Stored data entries ▸
Lemma fnorm_le_sec e a d d' : is_effect n e -> 0 < cos a ->
  angle d = pi - a -> angle d' = pi + a -> fnorm n e <= (1 + 1 / cos a) * e 0 i2.
Proof.
move=> e_eff ca_gt0 d_eq d'_eq; apply: fnorm_le => // m; rewrite dot_vertex.
have e_ge0 j : 0 <= dot e (vertex R n j) by case/andP: (e_eff _ (state_space_vertex j)).
apply: sinusoid_le_sec => //.
  by have := e_ge0 (m + d)%N; rewrite dot_vertex angleD d_eq addrA.
by have := e_ge0 (m + d')%N; rewrite dot_vertex angleD d'_eq addrA.
Qed.

End Polygon.

Section RegularPolygon.
Variables (R : realType) (n : nat).
Hypothesis n_ge3 : (3 <= n)%N.

Let n_gt0 : (0 < n)%N. Proof. exact: leq_trans n_ge3. Qed.
Let n_neq0 : n%:R != 0 :> R. Proof. by rewrite pnatr_eq0 -lt0n. Qed.

Lemma rn_gt0 : 0 < rn R n.
Proof. by rewrite /rn sqrtr_gt0 divr_gt0 ?cos_pi_div_gt0. Qed.

Lemma sum_cos_angle_sub y : \sum_(j < n) cos (angle R n j.+1 - y) = 0.
Proof.
pose a : R := pi / n%:R.
have sina_gt0 : 0 < sin a.
  apply: sin_gt0_pi; rewrite divr_gt0 ?pi_gt0 ?ltr0n //=.
  by rewrite ltr_pdivrMr ?ltr0n // ltr_pMr ?pi_gt0 // ltr1n; apply: leq_trans n_ge3.
apply: (@mulfI _ (2 * sin a)); first by rewrite mulf_neq0 ?gt_eqF.
rewrite mulr0 mulr_sumr -(big_mkord xpredT (fun j => 2 * sin a * cos (angle R n j.+1 - y))).
(* [2 sin a cos x = sin (x + a) - sin (x - a)] telescopes, since consecutive vertex
   angles differ by [2 a]. *)
pose f j := sin (angle R n j.+1 - y - a).
rewrite (@telescope_sumr_eq _ _ _ f) //.
  rewrite /f; have -> : angle R n n.+1 = angle R n 1 + pi *+ 2 *+ 1.
    by rewrite -(angle_mul_n R n_gt0) -angleD mul1n add1n.
  by rewrite !(addrAC _ (pi *+ 2 *+ 1)) (periodicn (@sinD2pi R)) subrr.
move=> j _; rewrite /f.
have -> : angle R n j.+2 = angle R n j.+1 + a *+ 2.
  by rewrite -addn1 angleD /angle /a -mulr_natr; ring.
rewrite (_ : angle R n j.+1 + a *+ 2 - y - a = angle R n j.+1 - y + a);
  last by rewrite mulr2n; ring.
set x := angle R n j.+1 - y.
by rewrite sinD sinB; ring.
Qed.

Lemma sum_vertex : \sum_(j < n) vertex R n j.+1 = n%:R *: unit_effect R.
Proof.
apply/rowP => i; rewrite summxE !mxE.
under eq_bigr => j _ do rewrite vertexE mxE.
case: i => [[|[|[|//]]] ?] /=.
- rewrite -mulr_sumr; under eq_bigr do rewrite -[angle _ _ _]subr0.
  by rewrite sum_cos_angle_sub !mulr0.
- rewrite -mulr_sumr; under eq_bigr do rewrite -cosBpihalf.
  by rewrite sum_cos_angle_sub !mulr0.
- by rewrite sumr_const card_ord mulr1.
Qed.

Definition cosine_measurement (t : R) (j : 'I_n) : 'rV[R]_3 :=
  n%:R^-1 *: (unit_effect R + (t * rn R n ^+ 2)^-1 *: (vertex R n j.+1 - unit_effect R)).

Lemma dot_cosine_measurement (t : R) j m : t != 0 ->
  dot (cosine_measurement t j) (vertex R n m)
    = (1 + cos (angle R n j.+1 - angle R n m) / t) / n%:R.
Proof.
move=> t_neq0; have := rn_gt0; rewrite lt0r => /andP[rn_neq0 _].
by rewrite dot_expand !mxE /= cosB; field; rewrite n_neq0 t_neq0 rn_neq0.
Qed.

Lemma sum_cosine_measurement t : \sum_(j < n) cosine_measurement t j = unit_effect R.
Proof.
rewrite -scaler_sumr big_split /= -scaler_sumr sumrB sum_vertex !sumr_const card_ord.
by rewrite -[unit_effect R *+ n]scaler_nat subrr scaler0 addr0 scalerA mulVf ?scale1r.
Qed.

Lemma is_measurement_cosine t : 0 < t ->
  (forall i j : 'I_n, - t <= cos (angle R n i.+1 - angle R n j.+1)) ->
  is_measurement n (cosine_measurement t).
Proof.
move=> t_gt0 cos_ge; apply: is_measurement_of_vertex; last exact: sum_cosine_measurement.
move=> i j; rewrite dot_cosine_measurement ?gt_eqF // divr_ge0 ?ler0n //.
have : -1 <= cos (angle R n i.+1 - angle R n j.+1) / t by rewrite ler_pdivlMr // mulN1r.
lra.
Qed.

Lemma decoding_power_cosine_ge t : 0 < t ->
  (forall i j : 'I_n, - t <= cos (angle R n i.+1 - angle R n j.+1)) ->
  1 + 1 / t <= decoding_power n (cosine_measurement t).
Proof.
move=> t_gt0 cos_ge; have [M_eff _] := is_measurement_cosine t_gt0 cos_ge.
have -> : 1 + 1 / t = \sum_(j < n) (1 + cos 0 / t) / n%:R.
  by rewrite sumr_const card_ord -[_ *+ n]mulr_natr cos0 divfK.
apply: ler_sum => j _; rewrite -(subrr (angle R n j.+1)) -dot_cosine_measurement ?gt_eqF //.
exact: vertex_le_fnorm.
Qed.

Lemma storability_eq_sec a d d' : 0 < cos a ->
  angle R n d = pi - a -> angle R n d' = pi + a ->
  (forall i j : 'I_n, - cos a <= cos (angle R n i.+1 - angle R n j.+1)) ->
  storability R n = 1 + 1 / cos a.
Proof.
move=> ca_gt0 d_eq d'_eq cos_ge; apply: storability_eq => //.
  by move=> e e_eff; exact: fnorm_le_sec d_eq d'_eq.
exists n, (cosine_measurement (cos a)); split.
  exact: is_measurement_cosine.
exact: decoding_power_cosine_ge.
Qed.

End RegularPolygon.

Lemma angle_half_even (R : realType) k : (0 < k)%N -> angle R k.*2 k = pi.
Proof. by move=> k_gt0; rewrite /angle -mul2n natrM; field; rewrite pnatr_eq0 -lt0n. Qed.

Lemma angle_half_odd (R : realType) k :
  angle R k.*2.+1 k = pi - pi / (k.*2.+1)%:R /\ angle R k.*2.+1 k.+1 = pi + pi / (k.*2.+1)%:R.
Proof.
have n_eq : (k.*2.+1)%:R = 2 * k%:R + 1 :> R by rewrite -addn1 natrD -mul2n natrM.
have n_neq0 : 2 * k%:R + 1 != 0 :> R by rewrite -n_eq pnatr_eq0.
by rewrite /angle n_eq -[k.+1]addn1 natrD; split; field.
Qed.

Lemma cos_angle_sub_odd (R : realType) n i j : odd n -> (i <= n)%N -> (j <= n)%N ->
  - cos (pi / n%:R) <= cos (angle R n i - angle R n j).
Proof.
move=> n_odd i_le j_le.
wlog ji : i j i_le j_le / (j <= i)%N.
  move=> wlog_ji; case: (leqP j i) => [|/ltnW]; first exact: wlog_ji.
  by rewrite -[cos (angle R n i - _)]cosN opprB; exact: wlog_ji.
have n_gt0 : (0 < n)%N by case: n n_odd {i_le j_le}.
have nR_gt0 : 0 < n%:R :> R by rewrite ltr0n.
have pi_gt0 := @pi_gt0 R.
rewrite -(subnK ji) angleD addrK; set d := (i - j)%N.
have d_le : (d <= n)%N := leq_trans (leq_subr j i) i_le.
set b := pi / n%:R; have b_gt0 : 0 < b by rewrite divr_gt0.
have pi_eq : pi = n%:R * b by rewrite /b; field; rewrite gt_eqF.
have -> : angle R n d = 2 * d%:R * b by rewrite /angle /b; ring.
have d_le' : d%:R <= n%:R :> R by rewrite ler_nat.
have d_far : (2 * d%:R + 1 <= n%:R :> R) \/ (n%:R + 1 <= 2 * d%:R :> R).
  have double_R m : (m.*2)%:R = 2 * m%:R :> R by rewrite -mul2n natrM.
  rewrite -double_R !natr1 !ler_nat.
  case: (ltngtP d.*2 n) => [|| n_eq]; [left | right |] => //.
  by move: n_odd; rewrite -n_eq odd_double.
have n_ge1 : 1 <= n%:R :> R by rewrite ler1n.
have d_ge0 : 0 <= d%:R :> R by [].
apply: Ncos_le_cos; rewrite pi_eq ?mulr2n; clearbody b; clear pi_eq.
- by apply/andP; split; nra.
- by apply/andP; split; nra.
by case: d_far => ?; apply/orP; [left | right]; nra.
Qed.

Theorem corollary3 (R : realType) (n : nat) : (3 <= n)%N ->
  (~~ odd n -> storability R n = 2) /\
  (odd n -> storability R n = 1 + 1 / cos (pi / n%:R) /\
            2 < 1 + 1 / cos (pi / (n%:R : R))).
Proof.
move=> n_ge3; have n_gt0 : (0 < n)%N by apply: leq_trans n_ge3.
split => [n_even | n_odd].
  have n_eq : n = (n./2).*2 by rewrite -[LHS]odd_double_half (negbTE n_even).
  have half_gt0 : (0 < n./2)%N by rewrite -double_gt0 -n_eq.
  have half_angle : angle R n n./2 = pi by rewrite {1}n_eq angle_half_even.
  have -> : 2 = 1 + 1 / cos 0 :> R by rewrite cos0 divr1.
  apply: (storability_eq_sec n_ge3 (d := n./2) (d' := n./2)); rewrite ?cos0 ?subr0 ?addr0 //.
  by move=> i j; apply: cos_geN1.
have n_eq : n = (n./2).*2.+1 by rewrite -[LHS]odd_double_half n_odd.
have [d_eq d'_eq] := angle_half_odd R n./2; rewrite -n_eq in d_eq d'_eq.
have ca_gt0 := cos_pi_div_gt0 R n_ge3.
split; first by apply: storability_eq_sec d_eq d'_eq _ => // i j; apply: cos_angle_sub_odd.
have : 1 < 1 / cos (pi / n%:R : R) by rewrite ltr_pdivlMr // mul1r cos_pi_div_lt1.
lra.
Qed.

About this task ▸ Going back over the entries above, copy word for word every line from the one that has "pose f j := sin (angle R n j.+1 - y - a)." on through the one that has "by rewrite -(angle_mul_n".

Your solution ▸
pose f j := sin (angle R n j.+1 - y - a).
rewrite (@telescope_sumr_eq _ _ _ f) //.
  rewrite /f; have -> : angle R n n.+1 = angle R n 1 + pi *+ 2 *+ 1.
    by rewrite -(angle_mul_n R n_gt0) -angleD mul1n add1n.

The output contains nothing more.